[Start of section]

Lemma tau_vertex_to_base_ge x y z gxy gyz gxz Q Q' s dl :
  ll x y -> ll y z ->
  max_geod d le l x y gxy -> max_geod d le l y z gyz -> max_geod d le l x z gxz ->
  0 <= Q' <= Q -> Q <= tau x z -> Q * Q' = tau y z * tau y z ->
  (tau x z - Q) * (tau x z - Q') = tau x y * tau x y ->
  0 <= s <= 1 -> tau (gxz s) z = dl -> 0 <= dl <= Q' ->
  sqrt ((Q - dl) * (Q' - dl)) <= tau y (gxz s).
Proof.
  intros Hxy Hyz Gxy Gyz Gxz HQ HQe HQQ' HeQ Hs Hpz Hdl.
  destruct HX as (_ & _ & _ & Hlltr & _).
  destruct Hc as (_ & _ & _ & Hcmp).
  pose proof (proj1 (ll_iff_tau_pos x z) (Hlltr x y z Hxy Hyz)) as He.
  pose proof (tau_nonneg x y). pose proof (tau_nonneg y z).
  set (e := tau x z) in *.
  assert (Hdl_e : 0 <= dl <= e) by lra.
  assert (Mxy : mtau (null_pt 0 0) (null_pt (e - Q) (e - Q')) = tau x y)
    by (apply mtau_null_pt_eq; nra).
  assert (Myz : mtau (null_pt (e - Q) (e - Q')) (null_pt e e) = tau y z)
    by (apply mtau_null_pt_eq; nra).
  assert (Mxz : mtau (null_pt 0 0) (null_pt e e) = e) by (apply mtau_null_pt_eq; nra).
  pose proof (Hcmp x y z gxy gyz gxz Hxy Hyz Gxy Gyz Gxz _ _ _ Mxy Myz Mxz
    y (null_pt (e - Q) (e - Q')) (gxz s) (null_pt (e - dl) (e - dl))
    (or_introl (corr_pt_endpoint x y gxy _ _ Gxy Mxy))
    (or_intror (or_intror (corr_pt_diagonal x z gxz s dl Gxz He Hs Hpz Hdl_e))))
    as Hcmp_yp.
  rewrite mtau_null_pt, l_finite in Hcmp_yp by lra.
  replace ((e - dl - (e - Q)) * (e - dl - (e - Q'))) with ((Q - dl) * (Q' - dl))
    in Hcmp_yp by ring.
  exact Hcmp_yp.
Qed.

Lemma tau_base_to_vertex_ge x z w gxz gzw gxw P P' s dl :
  ll x z -> ll z w ->
  max_geod d le l x z gxz -> max_geod d le l z w gzw -> max_geod d le l x w gxw ->
  0 <= P' <= P -> P * P' = tau z w * tau z w ->
  (tau x z + P) * (tau x z + P') = tau x w * tau x w ->
  0 <= s <= 1 -> tau (gxz s) z = dl -> 0 <= dl <= tau x z ->
  sqrt ((P + dl) * (P' + dl)) <= tau (gxz s) w.
Proof.
  intros Hxz Hzw Gxz Gzw Gxw HP HPP' HeP Hs Hpz Hdl.
  destruct Hc as (_ & _ & _ & Hcmp).
  pose proof (proj1 (ll_iff_tau_pos x z) Hxz) as He.
  pose proof (tau_nonneg z w). pose proof (tau_nonneg x w).
  set (e := tau x z) in *.
  assert (Mxz : mtau (null_pt 0 0) (null_pt e e) = e) by (apply mtau_null_pt_eq; nra).
  assert (Mzw : mtau (null_pt e e) (null_pt (e + P) (e + P')) = tau z w)
    by (apply mtau_null_pt_eq; nra).
  assert (Mxw : mtau (null_pt 0 0) (null_pt (e + P) (e + P')) = tau x w)
    by (apply mtau_null_pt_eq; nra).
  pose proof (Hcmp x z w gxz gzw gxw Hxz Hzw Gxz Gzw Gxw _ _ _ Mxz Mzw Mxw
    (gxz s) (null_pt (e - dl) (e - dl)) w (null_pt (e + P) (e + P'))
    (or_introl (corr_pt_diagonal x z gxz s dl Gxz He Hs Hpz Hdl))
    (or_intror (or_introl (corr_pt_endpoint z w gzw _ _ Gzw Mzw))))
    as Hcmp_pw.
  rewrite mtau_null_pt, l_finite in Hcmp_pw by lra.
  replace ((e + P - (e - dl)) * (e + P' - (e - dl))) with ((P + dl) * (P' + dl))
    in Hcmp_pw by ring.
  exact Hcmp_pw.
Qed.

Lemma ptolemy_timelike x y z w : ll x y -> ll y z -> ll z w ->
  tau x y * tau z w + tau x w * tau y z <= tau x z * tau y w.
Proof.
  intros Hxy Hyz Hzw.
  destruct HX as (_ & _ & _ & Hlltr & Hllle & _).
  destruct Hc as (_ & _ & Hgeod & _).
  assert (Hxz : ll x z) by eauto. assert (Hxw : ll x w) by eauto.
  destruct (Hgeod x y Hxy) as [gxy Gxy]. destruct (Hgeod y z Hyz) as [gyz Gyz].
  destruct (Hgeod x z Hxz) as [gxz Gxz]. destruct (Hgeod z w Hzw) as [gzw Gzw].
  destruct (Hgeod x w Hxw) as [gxw Gxw].
  pose proof (proj1 (ll_iff_tau_pos y z) Hyz) as Hb.
  pose proof (proj1 (ll_iff_tau_pos z w) Hzw) as Hc0.
  pose proof (proj1 (ll_iff_tau_pos x z) Hxz) as He.
  pose proof (tau_reverse_triangle x y z (Hllle _ _ Hxy) (Hllle _ _ Hyz)) as Habe.
  pose proof (tau_reverse_triangle x z w (Hllle _ _ Hxz) (Hllle _ _ Hzw)) as Hecg.
  pose proof (tau_nonneg x y).
  destruct (null_coords_inner (tau x y) (tau y z) (tau x z)) as (Q & Q' & HQ & HQe & HQQ' & HeQ);
    try lra.
  destruct (null_coords_outer (tau z w) (tau x z) (tau x w)) as (P & P' & HP & HPP' & HeP);
    try lra.
  assert (HQ'0 : 0 < Q') by nra. assert (HP'0 : 0 < P') by nra.
  assert (Hdetour : forall dl, 0 <= dl < Q' -> detour_length P P' Q Q' dl <= tau y w).
  { intros dl Hdl.
    destruct (max_geod_ivt x z gxz (tau x z - dl) Gxz ltac:(lra)) as (s & Hs & Hxp).
    destruct (max_geod_split x z gxz s Gxz Hs) as (_ & _ & Hsplit).
    assert (Hpz : tau (gxz s) z = dl) by lra.
    pose proof (tau_vertex_to_base_ge x y z gxy gyz gxz Q Q' s dl Hxy Hyz Gxy Gyz Gxz
      HQ HQe HQQ' HeQ Hs Hpz ltac:(lra)) as Hyp.
    pose proof (tau_base_to_vertex_ge x z w gxz gzw gxw P P' s dl Hxz Hzw Gxz Gzw Gxw
      HP HPP' HeP Hs Hpz ltac:(lra)) as Hpw.
    assert (0 < sqrt ((Q - dl) * (Q' - dl))) by (apply sqrt_lt_R0; nra).
    assert (0 < sqrt ((P + dl) * (P' + dl))) by (apply sqrt_lt_R0; nra).
    pose proof (tau_reverse_triangle y (gxz s) w
      (le_of_tau_pos y (gxz s) ltac:(lra)) (le_of_tau_pos (gxz s) w ltac:(lra))).
    unfold detour_length. lra. }
  pose proof (ptolemy_null_coordinates (tau x z) P P' Q Q' ltac:(lra) ltac:(lra)
    ltac:(lra) ltac:(lra) HQe (tau y w) (detour_length_le_closure _ _ _ _ _ HQ'0 Hdetour))
    as Hptol.
  rewrite HeQ, HeP, HQQ', HPP', !sqrt_square in Hptol by apply tau_nonneg.
  lra.
Qed.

[End of section]

### ASSIGNMENT:
Search the listing for the string "Hlltr". Copy each line where it is found.

### EXERCISE SOLUTION:
  destruct HX as (_ & _ & _ & Hlltr & _).
  pose proof (proj1 (ll_iff_tau_pos x z) (Hlltr x y z Hxy Hyz)) as He.
  destruct HX as (_ & _ & _ & Hlltr & Hllle & _).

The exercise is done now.